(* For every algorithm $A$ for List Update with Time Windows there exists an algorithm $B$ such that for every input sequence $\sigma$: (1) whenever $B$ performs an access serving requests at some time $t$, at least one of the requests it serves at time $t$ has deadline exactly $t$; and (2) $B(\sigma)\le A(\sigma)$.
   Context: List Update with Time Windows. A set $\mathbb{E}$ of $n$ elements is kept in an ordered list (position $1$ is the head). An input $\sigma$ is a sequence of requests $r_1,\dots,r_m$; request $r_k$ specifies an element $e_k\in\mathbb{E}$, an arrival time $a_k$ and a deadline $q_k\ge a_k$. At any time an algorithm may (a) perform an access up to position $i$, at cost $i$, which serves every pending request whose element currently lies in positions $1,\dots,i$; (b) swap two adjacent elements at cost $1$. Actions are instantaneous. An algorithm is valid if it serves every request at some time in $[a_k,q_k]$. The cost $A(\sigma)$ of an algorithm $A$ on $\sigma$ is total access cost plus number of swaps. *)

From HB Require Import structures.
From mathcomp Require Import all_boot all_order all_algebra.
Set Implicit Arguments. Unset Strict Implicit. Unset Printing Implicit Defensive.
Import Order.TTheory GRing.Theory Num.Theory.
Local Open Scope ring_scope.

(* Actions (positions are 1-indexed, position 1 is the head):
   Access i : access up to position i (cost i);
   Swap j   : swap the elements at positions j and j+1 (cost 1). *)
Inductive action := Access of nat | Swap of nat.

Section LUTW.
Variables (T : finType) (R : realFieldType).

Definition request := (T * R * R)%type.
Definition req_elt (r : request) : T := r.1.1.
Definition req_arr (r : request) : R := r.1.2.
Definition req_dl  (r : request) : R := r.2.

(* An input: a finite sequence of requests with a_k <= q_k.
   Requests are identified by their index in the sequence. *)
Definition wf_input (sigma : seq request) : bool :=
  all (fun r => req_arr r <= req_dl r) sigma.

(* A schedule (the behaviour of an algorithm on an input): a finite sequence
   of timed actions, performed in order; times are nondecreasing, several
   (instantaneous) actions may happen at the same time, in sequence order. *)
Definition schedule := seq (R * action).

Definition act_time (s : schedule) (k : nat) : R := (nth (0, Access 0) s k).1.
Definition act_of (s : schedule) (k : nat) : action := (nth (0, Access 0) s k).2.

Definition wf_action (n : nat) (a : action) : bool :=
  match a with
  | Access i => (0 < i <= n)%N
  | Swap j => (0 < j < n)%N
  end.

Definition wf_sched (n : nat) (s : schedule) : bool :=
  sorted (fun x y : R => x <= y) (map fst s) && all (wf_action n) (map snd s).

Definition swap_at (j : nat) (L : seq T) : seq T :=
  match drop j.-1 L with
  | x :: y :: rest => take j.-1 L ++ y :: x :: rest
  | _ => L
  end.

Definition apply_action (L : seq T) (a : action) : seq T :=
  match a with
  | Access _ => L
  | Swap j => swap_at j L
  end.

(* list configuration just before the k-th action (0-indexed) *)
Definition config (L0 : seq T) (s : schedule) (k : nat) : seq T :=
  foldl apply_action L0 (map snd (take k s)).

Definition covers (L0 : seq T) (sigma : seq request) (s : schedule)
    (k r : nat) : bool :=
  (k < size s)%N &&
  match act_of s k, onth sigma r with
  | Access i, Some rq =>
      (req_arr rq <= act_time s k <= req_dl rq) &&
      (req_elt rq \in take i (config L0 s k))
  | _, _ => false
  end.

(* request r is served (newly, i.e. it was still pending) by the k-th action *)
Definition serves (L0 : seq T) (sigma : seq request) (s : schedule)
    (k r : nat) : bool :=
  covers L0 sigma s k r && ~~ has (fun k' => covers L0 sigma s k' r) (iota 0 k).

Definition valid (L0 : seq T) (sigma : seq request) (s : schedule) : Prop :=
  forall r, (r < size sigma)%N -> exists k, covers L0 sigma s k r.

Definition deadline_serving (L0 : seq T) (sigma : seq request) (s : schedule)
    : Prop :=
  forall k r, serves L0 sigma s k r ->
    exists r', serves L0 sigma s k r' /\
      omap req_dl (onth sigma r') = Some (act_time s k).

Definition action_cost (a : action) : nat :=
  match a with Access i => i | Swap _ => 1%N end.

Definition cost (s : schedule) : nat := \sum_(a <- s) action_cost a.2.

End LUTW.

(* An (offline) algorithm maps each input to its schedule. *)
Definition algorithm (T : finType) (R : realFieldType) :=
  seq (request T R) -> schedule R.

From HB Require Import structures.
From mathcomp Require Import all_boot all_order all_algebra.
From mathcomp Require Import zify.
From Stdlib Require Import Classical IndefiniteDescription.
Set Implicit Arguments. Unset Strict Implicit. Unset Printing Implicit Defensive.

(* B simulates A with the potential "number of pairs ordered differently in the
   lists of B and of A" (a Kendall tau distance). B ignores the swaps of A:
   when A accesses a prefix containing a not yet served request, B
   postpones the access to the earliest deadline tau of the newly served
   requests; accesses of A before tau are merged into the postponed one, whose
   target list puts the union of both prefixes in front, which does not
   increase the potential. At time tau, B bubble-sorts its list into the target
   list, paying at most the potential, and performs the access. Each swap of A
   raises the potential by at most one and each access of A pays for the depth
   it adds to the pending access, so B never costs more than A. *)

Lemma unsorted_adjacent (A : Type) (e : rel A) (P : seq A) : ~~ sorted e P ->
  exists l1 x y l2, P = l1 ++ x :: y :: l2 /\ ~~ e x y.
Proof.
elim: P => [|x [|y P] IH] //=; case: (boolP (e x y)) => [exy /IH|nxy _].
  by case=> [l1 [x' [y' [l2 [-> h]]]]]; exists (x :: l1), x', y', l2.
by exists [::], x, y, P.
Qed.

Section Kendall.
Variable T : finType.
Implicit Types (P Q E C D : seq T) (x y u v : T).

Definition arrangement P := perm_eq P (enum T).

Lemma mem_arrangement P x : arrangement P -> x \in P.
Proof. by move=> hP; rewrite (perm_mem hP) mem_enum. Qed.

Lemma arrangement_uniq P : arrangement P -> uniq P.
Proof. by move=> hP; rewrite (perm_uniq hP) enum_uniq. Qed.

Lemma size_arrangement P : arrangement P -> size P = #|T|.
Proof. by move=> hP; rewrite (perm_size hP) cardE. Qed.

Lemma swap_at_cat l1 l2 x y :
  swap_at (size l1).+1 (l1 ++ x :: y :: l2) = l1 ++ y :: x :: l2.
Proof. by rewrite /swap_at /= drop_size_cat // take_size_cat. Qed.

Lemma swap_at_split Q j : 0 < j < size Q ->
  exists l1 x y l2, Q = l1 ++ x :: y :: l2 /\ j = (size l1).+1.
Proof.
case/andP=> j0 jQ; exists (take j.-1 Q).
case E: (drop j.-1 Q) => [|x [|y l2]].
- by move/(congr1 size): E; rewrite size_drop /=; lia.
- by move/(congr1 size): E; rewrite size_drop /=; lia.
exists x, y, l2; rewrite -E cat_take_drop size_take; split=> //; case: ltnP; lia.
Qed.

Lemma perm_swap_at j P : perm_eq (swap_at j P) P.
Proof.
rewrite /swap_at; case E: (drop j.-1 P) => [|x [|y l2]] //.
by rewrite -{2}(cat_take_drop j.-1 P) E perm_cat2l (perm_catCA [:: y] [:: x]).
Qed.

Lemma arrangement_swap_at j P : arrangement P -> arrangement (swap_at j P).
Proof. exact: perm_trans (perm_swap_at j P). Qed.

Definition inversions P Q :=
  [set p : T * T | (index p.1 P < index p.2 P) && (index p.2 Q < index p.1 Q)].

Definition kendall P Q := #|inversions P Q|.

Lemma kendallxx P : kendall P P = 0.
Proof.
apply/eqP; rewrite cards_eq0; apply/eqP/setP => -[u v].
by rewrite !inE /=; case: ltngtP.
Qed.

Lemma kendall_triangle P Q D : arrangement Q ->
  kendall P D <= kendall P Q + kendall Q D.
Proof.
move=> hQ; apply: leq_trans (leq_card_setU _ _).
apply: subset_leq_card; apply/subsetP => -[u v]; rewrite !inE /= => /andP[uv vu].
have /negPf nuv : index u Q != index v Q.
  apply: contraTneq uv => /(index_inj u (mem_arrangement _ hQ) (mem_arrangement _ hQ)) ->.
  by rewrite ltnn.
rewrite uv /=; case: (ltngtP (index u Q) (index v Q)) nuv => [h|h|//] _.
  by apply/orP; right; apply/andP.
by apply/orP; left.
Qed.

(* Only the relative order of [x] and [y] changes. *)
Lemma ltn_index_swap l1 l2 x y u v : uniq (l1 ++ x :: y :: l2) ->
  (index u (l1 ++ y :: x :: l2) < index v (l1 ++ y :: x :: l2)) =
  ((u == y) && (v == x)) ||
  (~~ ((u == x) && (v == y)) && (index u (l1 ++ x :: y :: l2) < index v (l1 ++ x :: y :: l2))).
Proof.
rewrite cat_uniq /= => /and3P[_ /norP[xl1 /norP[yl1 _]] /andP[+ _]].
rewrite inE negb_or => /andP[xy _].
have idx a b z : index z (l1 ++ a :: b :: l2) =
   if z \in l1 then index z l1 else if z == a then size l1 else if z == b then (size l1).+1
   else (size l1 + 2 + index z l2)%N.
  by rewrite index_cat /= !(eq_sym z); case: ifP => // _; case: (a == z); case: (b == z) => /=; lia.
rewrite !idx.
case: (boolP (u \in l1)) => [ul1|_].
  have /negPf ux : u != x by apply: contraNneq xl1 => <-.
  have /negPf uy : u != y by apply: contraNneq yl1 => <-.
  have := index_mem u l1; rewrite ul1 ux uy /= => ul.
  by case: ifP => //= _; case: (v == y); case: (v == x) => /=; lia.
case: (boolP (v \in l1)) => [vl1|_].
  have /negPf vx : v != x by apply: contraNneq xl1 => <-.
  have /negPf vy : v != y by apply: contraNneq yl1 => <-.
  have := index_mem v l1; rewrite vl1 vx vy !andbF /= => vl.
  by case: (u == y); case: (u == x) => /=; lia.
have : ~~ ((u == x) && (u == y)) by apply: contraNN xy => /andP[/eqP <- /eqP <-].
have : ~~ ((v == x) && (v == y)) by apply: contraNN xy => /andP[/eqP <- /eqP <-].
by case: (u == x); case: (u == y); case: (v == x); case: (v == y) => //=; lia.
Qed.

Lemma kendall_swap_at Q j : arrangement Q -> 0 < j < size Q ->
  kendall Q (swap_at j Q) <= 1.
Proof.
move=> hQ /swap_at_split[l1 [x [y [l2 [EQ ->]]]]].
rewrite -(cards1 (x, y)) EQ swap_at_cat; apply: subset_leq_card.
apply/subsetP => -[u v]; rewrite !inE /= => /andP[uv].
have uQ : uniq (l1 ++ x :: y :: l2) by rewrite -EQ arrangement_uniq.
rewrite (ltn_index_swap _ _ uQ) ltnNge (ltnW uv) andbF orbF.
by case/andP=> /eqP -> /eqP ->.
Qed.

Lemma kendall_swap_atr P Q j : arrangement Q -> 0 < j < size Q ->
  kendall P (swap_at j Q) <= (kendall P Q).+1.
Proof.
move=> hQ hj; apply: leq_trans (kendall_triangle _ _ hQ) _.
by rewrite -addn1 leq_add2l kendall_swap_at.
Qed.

...

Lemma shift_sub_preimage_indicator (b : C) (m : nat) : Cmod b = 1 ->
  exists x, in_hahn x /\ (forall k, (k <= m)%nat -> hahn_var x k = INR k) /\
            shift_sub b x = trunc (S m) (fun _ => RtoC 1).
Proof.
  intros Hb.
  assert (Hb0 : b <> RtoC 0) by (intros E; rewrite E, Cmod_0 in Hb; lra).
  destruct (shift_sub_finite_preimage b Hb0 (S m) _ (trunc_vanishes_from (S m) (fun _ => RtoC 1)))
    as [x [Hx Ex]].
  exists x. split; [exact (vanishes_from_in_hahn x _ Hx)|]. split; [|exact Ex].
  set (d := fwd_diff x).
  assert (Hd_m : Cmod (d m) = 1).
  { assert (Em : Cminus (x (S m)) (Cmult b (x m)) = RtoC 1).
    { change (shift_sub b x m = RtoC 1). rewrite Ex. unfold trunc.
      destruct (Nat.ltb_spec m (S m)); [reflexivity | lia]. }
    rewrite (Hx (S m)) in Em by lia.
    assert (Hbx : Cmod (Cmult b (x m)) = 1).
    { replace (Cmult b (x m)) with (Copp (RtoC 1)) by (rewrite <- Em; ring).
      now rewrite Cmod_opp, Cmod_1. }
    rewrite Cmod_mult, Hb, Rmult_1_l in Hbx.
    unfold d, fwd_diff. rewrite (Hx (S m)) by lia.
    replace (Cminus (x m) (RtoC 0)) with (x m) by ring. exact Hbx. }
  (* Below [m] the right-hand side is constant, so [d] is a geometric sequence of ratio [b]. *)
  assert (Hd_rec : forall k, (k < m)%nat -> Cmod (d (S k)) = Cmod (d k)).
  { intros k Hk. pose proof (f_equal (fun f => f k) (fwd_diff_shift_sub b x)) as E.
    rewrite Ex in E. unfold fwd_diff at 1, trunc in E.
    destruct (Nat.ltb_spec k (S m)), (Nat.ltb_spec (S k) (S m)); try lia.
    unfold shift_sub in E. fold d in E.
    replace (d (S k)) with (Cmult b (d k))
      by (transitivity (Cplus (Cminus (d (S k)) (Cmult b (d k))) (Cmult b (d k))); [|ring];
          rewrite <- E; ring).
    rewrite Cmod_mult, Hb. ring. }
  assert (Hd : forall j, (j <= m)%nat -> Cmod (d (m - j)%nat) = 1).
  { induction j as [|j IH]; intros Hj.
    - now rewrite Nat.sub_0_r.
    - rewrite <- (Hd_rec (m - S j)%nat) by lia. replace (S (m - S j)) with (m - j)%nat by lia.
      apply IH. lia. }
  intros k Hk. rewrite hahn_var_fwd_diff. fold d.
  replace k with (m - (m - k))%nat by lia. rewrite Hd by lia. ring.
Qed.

---

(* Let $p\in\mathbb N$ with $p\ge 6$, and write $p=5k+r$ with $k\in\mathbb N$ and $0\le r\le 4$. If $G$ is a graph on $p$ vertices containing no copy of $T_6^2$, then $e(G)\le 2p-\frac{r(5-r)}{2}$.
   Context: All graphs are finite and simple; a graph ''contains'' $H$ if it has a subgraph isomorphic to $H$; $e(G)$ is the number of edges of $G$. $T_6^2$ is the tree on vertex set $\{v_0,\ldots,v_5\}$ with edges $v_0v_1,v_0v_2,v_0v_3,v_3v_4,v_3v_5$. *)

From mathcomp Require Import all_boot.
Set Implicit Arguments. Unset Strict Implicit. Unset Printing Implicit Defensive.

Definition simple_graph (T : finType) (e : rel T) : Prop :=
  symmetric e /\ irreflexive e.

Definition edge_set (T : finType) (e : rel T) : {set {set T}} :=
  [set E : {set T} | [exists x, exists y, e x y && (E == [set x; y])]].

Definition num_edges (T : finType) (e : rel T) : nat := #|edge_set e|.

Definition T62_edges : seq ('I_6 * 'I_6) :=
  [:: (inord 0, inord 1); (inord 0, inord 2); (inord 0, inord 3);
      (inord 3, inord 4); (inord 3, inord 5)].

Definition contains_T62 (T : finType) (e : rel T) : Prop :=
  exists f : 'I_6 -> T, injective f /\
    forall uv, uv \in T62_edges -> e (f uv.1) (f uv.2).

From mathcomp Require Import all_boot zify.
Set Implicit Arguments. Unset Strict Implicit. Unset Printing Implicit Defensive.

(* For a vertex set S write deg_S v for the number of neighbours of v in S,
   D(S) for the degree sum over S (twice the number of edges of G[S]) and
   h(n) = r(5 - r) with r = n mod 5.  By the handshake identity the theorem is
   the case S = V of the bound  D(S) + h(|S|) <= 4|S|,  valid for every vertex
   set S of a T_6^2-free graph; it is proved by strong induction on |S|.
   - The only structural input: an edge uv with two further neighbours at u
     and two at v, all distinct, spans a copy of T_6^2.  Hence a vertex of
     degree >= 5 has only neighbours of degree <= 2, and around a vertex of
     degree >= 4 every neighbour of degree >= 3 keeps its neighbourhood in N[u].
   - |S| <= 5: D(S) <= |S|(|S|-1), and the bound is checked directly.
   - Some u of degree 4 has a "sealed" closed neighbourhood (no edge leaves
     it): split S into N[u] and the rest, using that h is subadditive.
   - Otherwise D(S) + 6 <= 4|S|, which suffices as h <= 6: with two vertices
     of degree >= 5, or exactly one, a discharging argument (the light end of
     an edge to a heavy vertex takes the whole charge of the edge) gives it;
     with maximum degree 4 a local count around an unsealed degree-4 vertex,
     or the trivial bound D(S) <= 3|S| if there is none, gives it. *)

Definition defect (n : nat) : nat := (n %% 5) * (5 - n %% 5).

TASK ITEM: Look through the entries above and find each line where the word "right" occurs; copy those lines.

FINISHED TASK:
  by apply/orP; right; apply/andP.
  (* Below [m] the right-hand side is constant, so [d] is a geometric sequence of ratio [b]. *)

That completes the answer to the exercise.